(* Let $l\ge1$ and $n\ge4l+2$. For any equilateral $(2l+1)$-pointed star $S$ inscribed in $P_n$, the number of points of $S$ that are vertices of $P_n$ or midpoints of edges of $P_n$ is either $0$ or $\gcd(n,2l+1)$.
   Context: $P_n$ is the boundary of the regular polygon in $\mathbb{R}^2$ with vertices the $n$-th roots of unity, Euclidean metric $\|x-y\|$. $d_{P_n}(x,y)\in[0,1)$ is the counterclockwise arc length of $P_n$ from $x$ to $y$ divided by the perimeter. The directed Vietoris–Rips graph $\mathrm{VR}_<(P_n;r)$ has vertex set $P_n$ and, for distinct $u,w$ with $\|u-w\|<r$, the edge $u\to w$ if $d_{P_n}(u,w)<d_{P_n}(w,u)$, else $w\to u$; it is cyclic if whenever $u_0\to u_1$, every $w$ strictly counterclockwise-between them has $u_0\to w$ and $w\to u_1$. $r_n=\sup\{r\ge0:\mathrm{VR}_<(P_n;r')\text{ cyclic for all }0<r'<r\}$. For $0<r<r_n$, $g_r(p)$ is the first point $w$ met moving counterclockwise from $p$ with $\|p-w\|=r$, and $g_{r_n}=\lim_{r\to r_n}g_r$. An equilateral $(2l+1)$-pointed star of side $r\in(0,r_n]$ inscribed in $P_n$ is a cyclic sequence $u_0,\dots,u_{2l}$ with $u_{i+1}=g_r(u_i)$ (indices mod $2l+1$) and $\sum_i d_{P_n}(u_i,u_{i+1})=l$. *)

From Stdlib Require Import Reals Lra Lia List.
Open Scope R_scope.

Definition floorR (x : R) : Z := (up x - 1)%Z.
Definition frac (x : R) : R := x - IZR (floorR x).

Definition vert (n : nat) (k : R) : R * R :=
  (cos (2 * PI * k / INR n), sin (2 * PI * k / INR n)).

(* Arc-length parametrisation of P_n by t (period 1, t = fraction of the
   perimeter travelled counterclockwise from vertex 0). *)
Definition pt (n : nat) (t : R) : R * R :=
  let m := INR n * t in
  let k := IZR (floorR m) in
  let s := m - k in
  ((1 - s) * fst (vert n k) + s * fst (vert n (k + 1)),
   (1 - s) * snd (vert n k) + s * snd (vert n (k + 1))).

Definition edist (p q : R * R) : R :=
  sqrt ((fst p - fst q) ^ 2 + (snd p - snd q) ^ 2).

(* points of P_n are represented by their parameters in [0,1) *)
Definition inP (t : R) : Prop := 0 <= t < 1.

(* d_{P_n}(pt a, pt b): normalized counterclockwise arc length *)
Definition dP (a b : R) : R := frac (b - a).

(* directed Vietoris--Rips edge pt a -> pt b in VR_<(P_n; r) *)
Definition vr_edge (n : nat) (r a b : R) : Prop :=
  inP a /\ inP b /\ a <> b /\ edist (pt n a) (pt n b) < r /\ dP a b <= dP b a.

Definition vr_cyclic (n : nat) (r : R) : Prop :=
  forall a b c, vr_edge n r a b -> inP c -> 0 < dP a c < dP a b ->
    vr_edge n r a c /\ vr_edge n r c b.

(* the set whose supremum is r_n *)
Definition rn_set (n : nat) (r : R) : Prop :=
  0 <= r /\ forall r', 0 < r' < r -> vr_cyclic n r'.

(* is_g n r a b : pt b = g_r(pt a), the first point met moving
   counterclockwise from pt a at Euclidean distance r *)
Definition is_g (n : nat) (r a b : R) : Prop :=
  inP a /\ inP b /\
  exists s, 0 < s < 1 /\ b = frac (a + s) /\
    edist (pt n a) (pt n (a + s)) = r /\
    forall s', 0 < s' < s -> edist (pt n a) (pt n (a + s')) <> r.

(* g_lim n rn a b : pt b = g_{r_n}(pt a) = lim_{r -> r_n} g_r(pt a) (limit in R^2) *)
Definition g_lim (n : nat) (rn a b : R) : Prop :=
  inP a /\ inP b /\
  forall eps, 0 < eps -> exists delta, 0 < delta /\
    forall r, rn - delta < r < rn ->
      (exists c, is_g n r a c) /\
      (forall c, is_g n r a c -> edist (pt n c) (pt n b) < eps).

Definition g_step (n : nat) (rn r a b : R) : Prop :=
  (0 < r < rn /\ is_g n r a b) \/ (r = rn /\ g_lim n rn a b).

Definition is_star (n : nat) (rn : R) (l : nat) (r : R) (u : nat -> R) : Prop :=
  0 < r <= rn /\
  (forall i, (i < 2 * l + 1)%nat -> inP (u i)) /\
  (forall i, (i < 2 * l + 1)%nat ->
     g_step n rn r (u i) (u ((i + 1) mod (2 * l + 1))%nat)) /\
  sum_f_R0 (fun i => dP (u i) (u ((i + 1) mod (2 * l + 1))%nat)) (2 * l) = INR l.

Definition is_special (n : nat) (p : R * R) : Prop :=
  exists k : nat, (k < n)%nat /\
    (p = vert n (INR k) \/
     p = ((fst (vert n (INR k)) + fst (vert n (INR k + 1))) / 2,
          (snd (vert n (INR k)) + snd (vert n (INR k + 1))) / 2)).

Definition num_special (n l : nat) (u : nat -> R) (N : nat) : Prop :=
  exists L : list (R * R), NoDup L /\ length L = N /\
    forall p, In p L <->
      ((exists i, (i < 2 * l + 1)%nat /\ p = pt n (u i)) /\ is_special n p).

— PROBLEM DETAILS —
Apply a filter for "delta" to the entries and show each line that passes.

— SOLUTION TO THIS EXERCISE —
  forall eps, 0 < eps -> exists delta, 0 < delta /\
    forall r, rn - delta < r < rn ->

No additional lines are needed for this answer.